[Stored data]:

┏━━

Lemma rsumL_le_support {X} (L B : list X) g : NoDup L -> (forall y, 0 <= g y) ->
  (forall y, In y L -> g y <> 0 -> In y B) -> rsumL L g <= rsumL B g.
Proof.
  revert B; induction L as [|a L IH]; intros B Hnd Hg Hs; simpl.
  - apply rsumL_ge0; auto.
  - inversion Hnd; subst.
    destruct (Req_dec (g a) 0) as [Ha0|Ha0].
    + assert (rsumL L g <= rsumL B g) by (apply IH; auto; intros; apply Hs; simpl; auto). lra.
    + destruct (in_split a B) as [B1 [B2 ->]]; [apply Hs; simpl; auto|].
      assert (rsumL L g <= rsumL (B1 ++ B2) g).
      { apply IH; auto. intros y Hy Hgy.
        destruct (in_app_or _ _ _ (Hs y (or_intror Hy) Hgy)) as [|[<-|]];
          [| contradiction | ]; apply in_or_app; auto. }
      rewrite rsumL_app in *; simpl; lra.
Qed.

(** * Linear algebra on C^D *)

Definition lin_comb (n : nat) (c : nat -> Cx) (w : nat -> cvec) : cvec :=
  fun i => csum n (fun j => Cmul (c j) (w j i)).

Definition spanned_by (D r : nat) (b : nat -> cvec) (E : cvec -> Prop) : Prop :=
  forall v, E v -> exists al, vec_eq D v (lin_comb r al b).

Lemma mvmul_ext_v D A u v i :
  (forall j, (j < D)%nat -> u j = v j) -> mvmul D A u i = mvmul D A v i.
Proof. intro H; apply csum_ext; intros; rewrite H; auto. Qed.

Lemma mvmul_ext_m D A B v i :
  (forall j, (j < D)%nat -> A i j = B i j) -> mvmul D A v i = mvmul D B v i.
Proof. intro H; apply csum_ext; intros; rewrite H; auto. Qed.

Lemma mvmul_mmul D A B v i : mvmul D A (mvmul D B v) i = mvmul D (mmul D A B) v i.
Proof.
  unfold mvmul, mmul.
  transitivity (csum D (fun j => csum D (fun k => Cmul (A i j) (Cmul (B j k) (v k))))).
  { apply csum_ext; intros; apply csum_mul_l. }
  rewrite csum_swap; apply csum_ext; intros j _.
  transitivity (Cmul (v j) (csum D (fun k => Cmul (A i k) (B k j)))); [|ring].
  rewrite csum_mul_l; apply csum_ext; intros; ring.
Qed.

┗━━

[The task]:
All lines from the one containing "transitivity (Cmul (v" through the last line of the data, both included, are to be retyped exactly, and no other line belongs in the answer.

[Exercise solution]:
  transitivity (Cmul (v j) (csum D (fun k => Cmul (A i k) (B k j)))); [|ring].
  rewrite csum_mul_l; apply csum_ext; intros; ring.
Qed.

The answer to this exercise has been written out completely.